_What needs to be done:_ Take the entries below and print only the lines from the one with "Lemma sum_expr_eq0 e" through the one with "have [<-|neq_xy] := eqVneq x y => [_|sub_xy].", exactly as they stand, both ends included.

_Extracted data:_
[Start of section]
Lemma Fq_linear_sum (J : Type) (r : seq J) (P : pred J) (f : J -> L -> L) :
  (forall j, Fq_linear (f j)) -> Fq_linear (fun y => \sum_(j <- r | P j) f j y).
Proof.
move=> lin_f c y z c_F; rewrite mulr_sumr -big_split /=.
by apply: eq_bigr => j _; rewrite lin_f.
Qed.

Lemma Fq_linear0 f : Fq_linear f -> f 0 = 0.
Proof.
move=> /(_ 1 0 0 (rpred1 _)); rewrite !mul1r !addr0 -{1}[f 0]addr0.
by move=> /addrI <-.
Qed.

Lemma Fq_linear_comb (I : finType) (g : I -> L) f (mu : I -> L) : Fq_linear f ->
  (forall u, mu u \in F) -> f (\sum_u mu u * g u) = \sum_u mu u * f (g u).
Proof.
move=> lin_f mu_F; elim/big_rec2: _ => [|u y1 y2 _ <-]; first exact: Fq_linear0.
exact: lin_f.
Qed.

(* The d distinct conjugates z^(q^(e s)) are roots of sum_t mu_t X^t, of degree < d. *)
Lemma free_powers_conj (z : L) (e d : nat) (mu : 'I_d -> L) :
  injective (fun s : 'I_d => z ^+ (q ^ (e * s))) ->
  (forall t, mu t ^+ (q ^ e) = mu t) ->
  \sum_(t < d) mu t * z ^+ t = 0 -> forall t, mu t = 0.
Proof.
move=> conj_inj mu_fixed sum0.
have mu_fixedX t s : mu t ^+ (q ^ (e * s)) = mu t.
  by elim: s => [|s IH]; rewrite ?muln0 ?expr1 // mulnS expnD exprM mu_fixed IH.
pose P : {poly L} := \poly_(t < d) (if insub t is Some t' then mu t' else 0).
have coefP (t : 'I_d) : P`_t = mu t by rewrite coef_poly ltn_ord valK.
have rootsP : all (root P) [seq z ^+ (q ^ (e * s)) | s : 'I_d].
  apply/allP => _ /mapP[s _ ->]; rewrite /root horner_poly; apply/eqP.
  transitivity ((\sum_(t < d) mu t * z ^+ t) ^+ (q ^ (e * s))); last by rewrite sum0 frob0.
  rewrite frob_sum; apply: eq_bigr => t _.
  by rewrite valK exprMn mu_fixedX -!exprM mulnC.
have P0 : P = 0.
  apply: contraTeq isT => P_neq0.
  have := max_poly_roots P_neq0 rootsP.
  rewrite map_inj_uniq ?enum_uniq // size_map -cardE card_ord => /(_ isT).
  by rewrite ltnNge size_poly.
by move=> t; rewrite -coefP P0 coef0.
Qed.

Section FullField.
Variable m : nat.
Hypotheses (m_gt0 : (0 < m)%N) (card_L : #|L| = (q ^ m)%N).

Local Notation n := (q ^ m)%N.-1.

Lemma q_gt1 : (1 < q)%N.
Proof.
have := finNzRing_gt1 L; rewrite card_L.
by case: q => [|[|q']] //; rewrite ?exp0n ?exp1n.
Qed.

Lemma prednK_card : n.+1 = (q ^ m)%N.
Proof. by rewrite prednK // expn_gt0 ltnW ?q_gt1. Qed.

Lemma n_gt0 : (0 < n)%N.
Proof. by rewrite -ltnS prednK_card -[1%N](expn0 q) ltn_exp2l ?q_gt1. Qed.

Lemma expr_card x : x ^+ (q ^ m) = x :> L.
Proof. by rewrite -card_L expf_card. Qed.

Lemma mulrn_card (x : L) : x *+ (q ^ m) = 0.
Proof.
have /(pnatPpi pchar_q) p_char : pdiv q \in \pi(q) by rewrite pi_pdiv q_gt1.
apply/eqP; rewrite -mulr_natr mulf_eq0 -(dvdn_pcharf p_char).
by rewrite dvdn_exp ?pdiv_dvd ?orbT.
Qed.

Lemma expr_n_eq1 x : x != 0 -> x ^+ n = 1 :> L.
Proof.
move=> x_neq0; apply: (mulIf x_neq0).
by rewrite mul1r -exprSr prednK_card expr_card.
Qed.

Lemma exists_prim_root : exists z : L, n.-primitive_root z.
Proof.
have /hasP[z _ prim_z] : has n.-primitive_root (enum (predC1 (0 : L))).
  apply: has_prim_root; rewrite ?n_gt0 ?enum_uniq //.
    by apply/allP => x; rewrite mem_enum => x_neq0; apply/unity_rootP/expr_n_eq1.
  by rewrite -cardE cardC1 card_L.
by exists z.
Qed.

Lemma card_Fq : #|F| = q.
Proof.
apply/eqP; rewrite eqn_leq; apply/andP; split.
  pose P : {poly L} := 'X^q - 'X.
  have size_P : size P = q.+1.
    by rewrite size_polyDl ?size_polyXn // size_polyN size_polyX ltnS q_gt1.
  have P_neq0 : P != 0 by rewrite -size_poly_eq0 size_P.
  have roots_P : all (root P) (enum F).
    apply/allP => x; rewrite mem_enum inE => /eqP x_q.
    by rewrite /root !hornerE x_q subrr.
  by have := max_poly_roots P_neq0 roots_P (enum_uniq _); rewrite size_P -cardE.
(* 0 and the q - 1 powers of a primitive (q-1)-th root of unity lie in F. *)
have [z prim_z] := exists_prim_root.
have q1_dvd_n : (q.-1 %| n)%N.
  have q_gt0 : (0 < q)%N by rewrite ltnW ?q_gt1.
  rewrite -!subn1 -eqn_mod_dvd ?expn_gt0 ?q_gt0 // -modnXm.
  by rewrite -{1}(subnKC q_gt0) modnDr modnXm exp1n.
have prim_y := dvdn_prim_root prim_z q1_dvd_n.
set y := z ^+ (n %/ q.-1) in prim_y.
have y_q : y ^+ q = y.
  by rewrite -{1}(prednK (ltnW q_gt1)) exprSr (prim_expr_order prim_y) mul1r.
pose w (i : 'I_q.-1) := y ^+ i.
have w_inj : injective w.
  by move=> i j /eqP; rewrite (eq_prim_root_expr prim_y) !modn_small // => /eqP/val_inj.
have w_F i : w i \in F by rewrite inE -exprM mulnC exprM y_q.
have w_neq0 i : w i != 0.
  by rewrite expf_neq0 // (prim_root_eq0 prim_y) -lt0n -subn1 subn_gt0 q_gt1.
have sub : 0 |: [set w i | i in 'I_q.-1] \subset F.
  by apply/subsetP => x /setU1P[-> | /imsetP[i _ ->]]; rewrite ?rpred0 ?w_F.
have := subset_leq_card sub; rewrite cardsU1 card_imset // card_ord.
have /negbTE-> : (0 : L) \notin [set w i | i in 'I_q.-1].
  by apply/imsetP => -[i _ /esym/eqP]; rewrite (negbTE (w_neq0 i)).
by rewrite add1n prednK // ltnW ?q_gt1.
Qed.

Lemma sum_expr0 : \sum_(x : L) x ^+ 0 = 0.
Proof. by under eq_bigr do rewrite expr0; rewrite sumr_const card_L mulrn_card. Qed.

Lemma sum_expr_eq0 e : ~~ (n %| e)%N -> \sum_(x : L) x ^+ e = 0.
Proof.
move=> n_ndvd_e; have [z prim_z] := exists_prim_root.
have z_neq0 : z != 0 by rewrite (prim_root_eq0 prim_z) -lt0n n_gt0.
have ze_neq1 : z ^+ e != 1 by rewrite -(prim_order_dvd prim_z).
have sum_z : \sum_(x : L) x ^+ e = z ^+ e * \sum_(x : L) x ^+ e.
  rewrite {1}(reindex_inj (mulfI z_neq0)) mulr_sumr /=.
  by apply: eq_bigr => x _; rewrite exprMn.
have : (z ^+ e - 1) * \sum_(x : L) x ^+ e = 0 by rewrite mulrBl mul1r -sum_z subrr.
by move/eqP; rewrite mulf_eq0 subr_eq0 (negbTE ze_neq1) => /eqP.
Qed.

Lemma indicator_expr (x y : L) :
  (x == y)%:R = 1 - \sum_(i < q ^ m) y ^+ (n - i) * x ^+ i.
Proof.
have := subrXX y x (q ^ m); rewrite !expr_card.
have [<-|neq_xy] := eqVneq x y => [_|sub_xy].
  have le_i (i : 'I_(q ^ m)) : (i <= n)%N by rewrite -ltnS prednK_card.
  under eq_bigr => i _ do rewrite -exprD subnK //.
  by rewrite sumr_const card_ord mulrn_card subr0.
have yx_neq0 : y - x != 0 by rewrite subr_eq0 eq_sym.
have -> : \sum_(i < q ^ m) y ^+ (n - i) * x ^+ i = 1.
  by apply: (mulfI yx_neq0); rewrite -sub_xy mulr1.
by rewrite subrr.
Qed.

Lemma interpolation (w : L -> L) y :
  w y = \sum_x w x - \sum_(i < q ^ m) y ^+ (n - i) * \sum_x w x * x ^+ i.
Proof.
rewrite -(sum_indicator w y).
under eq_bigr => x _ do rewrite indicator_expr mulrBl mul1r.
rewrite sumrB; congr (_ - _).
under eq_bigr do rewrite mulr_suml; rewrite exchange_big /=.
by apply: eq_bigr => i _; rewrite mulr_sumr; apply: eq_bigr => x _; rewrite mulrAC -mulrA.
Qed.

Lemma RM_code_Fq rho w x : w \in RM_code L q m rho -> w x \in F.
Proof. by rewrite inE => /andP[/forallP]. Qed.

Lemma RM_codeB rho w1 w2 : w1 \in RM_code L q m rho -> w2 \in RM_code L q m rho ->
  [ffun x => w1 x - w2 x] \in RM_code L q m rho.
Proof.
rewrite !inE => /andP[/forallP F1 /forallP C1] /andP[/forallP F2 /forallP C2].
apply/andP; split; first by apply/forallP => x; rewrite ffunE rpredB.
apply/forallP => s; apply/implyP => wt_s; move/implyP/(_ wt_s)/eqP: (C1 s) => S1.
move/implyP/(_ wt_s)/eqP: (C2 s) => S2.
under eq_bigr do rewrite ffunE mulrBl.
by rewrite sumrB S1 S2 subrr.
Qed.

Section InfoSetCriteria.
Variables (rho : nat) (I : {set L}).
Local Notation C := (RM_code L q m rho).
Hypothesis vanish_on_I :
  forall w, w \in C -> {in I, forall x, w x = 0} -> forall x, w x = 0.

Let restr (f : {ffun L -> L}) : {ffun L -> L} := [ffun x => if x \in I then f x else 0].

Lemma restr_pffun_on (f : {ffun L -> L}) :
  {in I, forall x, f x \in F} -> restr f \in pffun_on 0 I F.
Proof.
move=> f_F; apply/pffun_onP; split.
  by apply/subsetP => x; rewrite inE ffunE; case: ifP => //; rewrite eqxx.
by move=> _ /imageP[x xI ->]; rewrite ffunE xI f_F.
Qed.

Lemma pffun_onK h : h \in pffun_on 0 I F -> restr h = h /\ {in I, forall x, h x \in F}.
Proof.
case/pffun_onP => supp_h im_h; split => [|x xI]; last exact/im_h/image_f.
apply/ffunP => x; rewrite ffunE; case: ifP => // xnI; apply/esym/eqP.
by apply: contraFT xnI => hx; apply: (subsetP supp_h); rewrite inE.
Qed.

Lemma restr_inj : {in C &, injective restr}.
Proof.
move=> w1 w2 Cw1 Cw2 eq_w; apply/ffunP => x; apply/eqP; rewrite -subr_eq0.
have := vanish_on_I (RM_codeB Cw1 Cw2) _ x; rewrite ffunE => -> // y yI.
by move/ffunP/(_ y): eq_w; rewrite !ffunE yI => ->; rewrite subrr.
Qed.

Lemma info_set_of_card : (q ^ #|I| <= #|C|)%N -> info_set q C I.
Proof.
move=> le_C.
have sub_im : restr @: C \subset pffun_on 0 I F.
  apply/subsetP => _ /imsetP[w Cw ->]; apply: restr_pffun_on => x _.
  exact: RM_code_Fq Cw.
have card_pf : #|pffun_on 0 I F| = (q ^ #|I|)%N by rewrite card_pffun_on card_Fq.
have card_im : #|restr @: C| = (q ^ #|I|)%N.
  apply/eqP; rewrite eqn_leq -card_pf subset_leq_card //= card_pf.
  by rewrite card_in_imset //; exact: restr_inj.
have im_eq := subset_cardP (etrans card_im (esym card_pf)) sub_im.
split; first by rewrite /code_dim -(card_in_imset restr_inj) card_im trunc_expnK ?q_gt1.
move=> f f_F; have /imsetP[w Cw restr_w] : restr [ffun x => f x] \in restr @: C.
  by rewrite im_eq restr_pffun_on // => x; rewrite ffunE; exact: f_F.
by exists w => // x xI; move/ffunP/(_ x): restr_w; rewrite !ffunE xI.
Qed.

Lemma info_set_of_onto :
    (forall f : L -> L, {in I, forall x, f x \in F} ->
       exists2 c, c \in C & {in I, forall x, c x = f x}) ->
  info_set q C I.
Proof.
move=> onto; apply: info_set_of_card.
have sub_im : pffun_on 0 I F \subset restr @: C.
  apply/subsetP => h /pffun_onK[restr_h h_F]; have [c Cc ch] := onto h h_F.
  apply/imsetP; exists c => //; rewrite -restr_h; apply/ffunP => x.
  by rewrite !ffunE; case: ifP => // /ch ->.
have := subset_leq_card sub_im; rewrite card_pffun_on card_Fq => le_im.
exact: leq_trans le_im (leq_imset_card _ _).
Qed.

End InfoSetCriteria.

Lemma RM1_power_sum_support w i : w \in RM_code L q m 1 -> (i < n)%N ->
  \sum_x w x * x ^+ i != 0 -> exists j, (n - i = q ^ j)%N.
Proof.
rewrite inE => /andP[_ /forallP checks] lt_in S_neq0.
have wt_i : (m * (q - 1) - 1 <= wt_q q i)%N.
  rewrite leqNgt; apply: contra S_neq0 => wt_i.
  by move/implyP: (checks (Ordinal lt_in)); apply.
have lt_i : (i < q ^ m)%N by rewrite -prednK_card ltnW.
have := wt_q_compl q_gt1 lt_i; rewrite subn1 => wt_sum.
have : wt_q q (n - i) != 0%N.
  by apply: contraTneq lt_in => /(wt_q_eq0 q_gt1)/eqP; rewrite subn_eq0 leqNgt.
move: (m * (q - 1))%N wt_sum wt_i => M wt_sum wt_i wt_ni.
by apply: (wt_q_eq1 q_gt1); lia.
Qed.

(* By interpolation, w y - w 0 = sum_i (0^(n-i) - y^(n-i)) S_i, and S_i vanishes
   unless n - i is 0 or a power of q. *)
Lemma RM1_affine w : w \in RM_code L q m 1 -> Fq_linear (fun y => w y - w 0).
Proof.
move=> Cw.
apply: (@Fq_linear_eq (fun y => \sum_(i < q ^ m)
          (0 ^+ (n - i) - y ^+ (n - i)) * \sum_x w x * x ^+ i)); last first.
  move=> y; rewrite [w y]interpolation [w 0]interpolation.
  under eq_bigr do rewrite mulrBl; rewrite sumrB; ring.
apply: Fq_linear_sum => i; set S := \sum_x _.
have [lt_in|le_ni] := ltnP i n; last first.
  apply: (Fq_linear_eq (Fq_linear_frob 0 0)) => y.
  have /eqP-> : (n - i == 0)%N by rewrite subn_eq0.
  by rewrite !expr0 subrr !mul0r.
have [S0|/(RM1_power_sum_support Cw lt_in)[j ->]] := eqVneq S 0.
  by apply: (Fq_linear_eq (Fq_linear_frob 0 0)) => y; rewrite S0 !mulr0 mul0r.
apply: (Fq_linear_eq (Fq_linear_frob (- S) j)) => y.
by rewrite frob0 sub0r !mulNr mulrC.
Qed.

Definition trace (y : L) := \sum_(j < m) y ^+ (q ^ j).

Lemma trace_Fq y : trace y \in F.
Proof.
pose f (j : 'I_m.+1) := y ^+ (q ^ j).
have shift := etrans (esym (@big_ord_recl L 0 +%R m f)) (@big_ord_recr L 0 +%R m f).
rewrite /f /= expr_card expn0 expr1 addrC in shift.
rewrite inE /trace -[q in _ ^+ q]expn1 frob_sum -[X in _ == X](addrI _ shift).
by apply/eqP/eq_bigr => j _; rewrite -exprM -expnSr /bump add1n.
Qed.

Lemma trace0 : trace 0 = 0.
Proof. by apply: big1 => j _; rewrite frob0. Qed.

Lemma traceB y z : trace (y - z) = trace y - trace z.
Proof. by rewrite /trace -sumrB; apply: eq_bigr => j _; rewrite frobB. Qed.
[End of section]
_Output of the exercise:_
Lemma sum_expr_eq0 e : ~~ (n %| e)%N -> \sum_(x : L) x ^+ e = 0.
Proof.
move=> n_ndvd_e; have [z prim_z] := exists_prim_root.
have z_neq0 : z != 0 by rewrite (prim_root_eq0 prim_z) -lt0n n_gt0.
have ze_neq1 : z ^+ e != 1 by rewrite -(prim_order_dvd prim_z).
have sum_z : \sum_(x : L) x ^+ e = z ^+ e * \sum_(x : L) x ^+ e.
  rewrite {1}(reindex_inj (mulfI z_neq0)) mulr_sumr /=.
  by apply: eq_bigr => x _; rewrite exprMn.
have : (z ^+ e - 1) * \sum_(x : L) x ^+ e = 0 by rewrite mulrBl mul1r -sum_z subrr.
by move/eqP; rewrite mulf_eq0 subr_eq0 (negbTE ze_neq1) => /eqP.
Qed.

Lemma indicator_expr (x y : L) :
  (x == y)%:R = 1 - \sum_(i < q ^ m) y ^+ (n - i) * x ^+ i.
Proof.
have := subrXX y x (q ^ m); rewrite !expr_card.
have [<-|neq_xy] := eqVneq x y => [_|sub_xy].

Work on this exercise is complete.